[Material for this task]:
Lemma conjV_sym g h : conjV g h -> conjV h g.
Proof.
  intros (c & Hc & E). pose proof Hc as [[_ (ci & _ & cic & cci)] _].
  assert (E' : forall x, c (g x) = h (c x)) by (intro x; exact (f_equal (fun F => F x) E)).
  exists ci. split; [exact (inV_inverse c ci Hc cic cci)|].
  apply functional_extensionality. intro x.
  rewrite <- (cci x) at 1. rewrite <- E', cic. reflexivity.
Qed.

Lemma has_period_conjV e r k : conjV e r -> has_period e k <-> has_period r k.
Proof.
  intros (c & [[_ (ci & _ & cic & cci)] _] & E).
  apply (has_period_conj c ci); auto.
  intro x. exact (f_equal (fun F => F x) E).
Qed.

Definition flip (x : cantor) : cantor := ccons (negb (x 0)) (ctl x).

Definition on_right (h : cantor -> cantor) (x : cantor) : cantor :=
  if x 0 then ccons true (h (ctl x)) else x.

Definition swap_1_01 (x : cantor) : cantor :=
  if x 0 then ccons false (ccons true (ctl x))
  else if x 1 then ccons true (ctl (ctl x)) else x.

(* Thompson's generator x0 of F: 0 -> 00, 10 -> 01, 11 -> 1. *)
Definition x0 (x : cantor) : cantor :=
  if x 0 then (if x 1 then ctl x else ccons false (ccons true (ctl (ctl x))))
  else ccons false x.

Definition x0_inv (x : cantor) : cantor :=
  if x 0 then ccons true x
  else if x 1 then ccons true (ccons false (ctl (ctl x))) else ctl x.

Lemma flip_involutive x : flip (flip x) = x.
Proof. revert x. apply cantor_cases. intros [|] y; reflexivity. Qed.

Lemma swap_1_01_involutive x : swap_1_01 (swap_1_01 x) = x.
Proof. revert x. apply cantor_cases2. intros [|] [|] y; reflexivity. Qed.

Lemma x0_x0_inv x : x0 (x0_inv x) = x.
Proof. revert x. apply cantor_cases2. intros [|] [|] y; reflexivity. Qed.

Lemma x0_inv_x0 x : x0_inv (x0 x) = x.
Proof. revert x. apply cantor_cases2. intros [|] [|] y; reflexivity. Qed.

Lemma on_right_id x : on_right (fun y => y) x = x.
Proof. revert x. apply cantor_cases. intros [|] y; reflexivity. Qed.
Lemma coideal_coact_linear (f : {scalar 'rV[k]_m}) (g : {scalar C}) a v w :
  tev2 f g (coideal_coact (a *: v + w)) =
  a * tev2 f g (coideal_coact v) + tev2 f g (coideal_coact w).
Proof. by rewrite !tev2_coideal_coact of_coordsP cop_linear. Qed.

Lemma coideal_coact_counit v :
  \sum_(p <- coideal_coact v) counit cC p.2 *: p.1 = v.
Proof. by rewrite coideal_coact_dact /cact counitr of_coordsK. Qed.

Lemma coideal_coact_assoc v :
  teq3 (flatten [seq [seq (q.1, q.2, p.2) | q <- coideal_coact p.1]
                | p <- coideal_coact v])
       (flatten [seq [seq (p.1, q.1, q.2) | q <- cop cC p.2]
                | p <- coideal_coact v]).
Proof.
move=> f g h; rewrite !big_flatten /= !big_map.
under eq_bigr do rewrite big_map.
under [RHS]eq_bigr do rewrite big_map.
pose fg := scalar_of (fun a x y =>
  etrans (congr1 (conv_scalar (scalar_coords f) g) (of_coordsP a x y))
         (linearP _ a _ _)).
transitivity (\sum_(p <- coideal_coact v) fg p.1 * h p.2).
  apply: eq_bigr => p _ /=; rewrite -mulr_suml.
  by have := tev2_coideal_coact f g p.1; rewrite /tev2 => ->.
transitivity (\sum_(p <- coideal_coact v) f p.1 * conv_scalar g h p.2);
  last first.
  by apply: eq_bigr => p _ /=; rewrite /tev2 mulr_sumr; apply: eq_bigr => q _;
    rewrite mulrA.
rewrite (eq_bigr _ (fun p _ => mulrC _ _)) -scalar_sumZ coideal_coact_dact.
rewrite [RHS](eq_bigr _ (fun p _ => mulrC _ _)) -scalar_sumZ coideal_coact_dact.
rewrite /= coordsK; last first.
  by apply/span_b; apply: cact_inspan => //; exact: inspan_of_coords.
by rewrite -/(scalar_coords f _) cop_cact -scalar_cact.
Qed.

[What this task involves]:
Set down every record above exactly as written.

[Task solution]:
Lemma conjV_sym g h : conjV g h -> conjV h g.
Proof.
  intros (c & Hc & E). pose proof Hc as [[_ (ci & _ & cic & cci)] _].
  assert (E' : forall x, c (g x) = h (c x)) by (intro x; exact (f_equal (fun F => F x) E)).
  exists ci. split; [exact (inV_inverse c ci Hc cic cci)|].
  apply functional_extensionality. intro x.
  rewrite <- (cci x) at 1. rewrite <- E', cic. reflexivity.
Qed.

Lemma has_period_conjV e r k : conjV e r -> has_period e k <-> has_period r k.
Proof.
  intros (c & [[_ (ci & _ & cic & cci)] _] & E).
  apply (has_period_conj c ci); auto.
  intro x. exact (f_equal (fun F => F x) E).
Qed.

Definition flip (x : cantor) : cantor := ccons (negb (x 0)) (ctl x).

Definition on_right (h : cantor -> cantor) (x : cantor) : cantor :=
  if x 0 then ccons true (h (ctl x)) else x.

Definition swap_1_01 (x : cantor) : cantor :=
  if x 0 then ccons false (ccons true (ctl x))
  else if x 1 then ccons true (ctl (ctl x)) else x.

(* Thompson's generator x0 of F: 0 -> 00, 10 -> 01, 11 -> 1. *)
Definition x0 (x : cantor) : cantor :=
  if x 0 then (if x 1 then ctl x else ccons false (ccons true (ctl (ctl x))))
  else ccons false x.

Definition x0_inv (x : cantor) : cantor :=
  if x 0 then ccons true x
  else if x 1 then ccons true (ccons false (ctl (ctl x))) else ctl x.

Lemma flip_involutive x : flip (flip x) = x.
Proof. revert x. apply cantor_cases. intros [|] y; reflexivity. Qed.

Lemma swap_1_01_involutive x : swap_1_01 (swap_1_01 x) = x.
Proof. revert x. apply cantor_cases2. intros [|] [|] y; reflexivity. Qed.

Lemma x0_x0_inv x : x0 (x0_inv x) = x.
Proof. revert x. apply cantor_cases2. intros [|] [|] y; reflexivity. Qed.

Lemma x0_inv_x0 x : x0_inv (x0 x) = x.
Proof. revert x. apply cantor_cases2. intros [|] [|] y; reflexivity. Qed.

Lemma on_right_id x : on_right (fun y => y) x = x.
Proof. revert x. apply cantor_cases. intros [|] y; reflexivity. Qed.
Lemma coideal_coact_linear (f : {scalar 'rV[k]_m}) (g : {scalar C}) a v w :
  tev2 f g (coideal_coact (a *: v + w)) =
  a * tev2 f g (coideal_coact v) + tev2 f g (coideal_coact w).
Proof. by rewrite !tev2_coideal_coact of_coordsP cop_linear. Qed.

Lemma coideal_coact_counit v :
  \sum_(p <- coideal_coact v) counit cC p.2 *: p.1 = v.
Proof. by rewrite coideal_coact_dact /cact counitr of_coordsK. Qed.

Lemma coideal_coact_assoc v :
  teq3 (flatten [seq [seq (q.1, q.2, p.2) | q <- coideal_coact p.1]
                | p <- coideal_coact v])
       (flatten [seq [seq (p.1, q.1, q.2) | q <- cop cC p.2]
                | p <- coideal_coact v]).
Proof.
move=> f g h; rewrite !big_flatten /= !big_map.
under eq_bigr do rewrite big_map.
under [RHS]eq_bigr do rewrite big_map.
pose fg := scalar_of (fun a x y =>
  etrans (congr1 (conv_scalar (scalar_coords f) g) (of_coordsP a x y))
         (linearP _ a _ _)).
transitivity (\sum_(p <- coideal_coact v) fg p.1 * h p.2).
  apply: eq_bigr => p _ /=; rewrite -mulr_suml.
  by have := tev2_coideal_coact f g p.1; rewrite /tev2 => ->.
transitivity (\sum_(p <- coideal_coact v) f p.1 * conv_scalar g h p.2);
  last first.
  by apply: eq_bigr => p _ /=; rewrite /tev2 mulr_sumr; apply: eq_bigr => q _;
    rewrite mulrA.
rewrite (eq_bigr _ (fun p _ => mulrC _ _)) -scalar_sumZ coideal_coact_dact.
rewrite [RHS](eq_bigr _ (fun p _ => mulrC _ _)) -scalar_sumZ coideal_coact_dact.
rewrite /= coordsK; last first.
  by apply/span_b; apply: cact_inspan => //; exact: inspan_of_coords.
by rewrite -/(scalar_coords f _) cop_cact -scalar_cact.
Qed.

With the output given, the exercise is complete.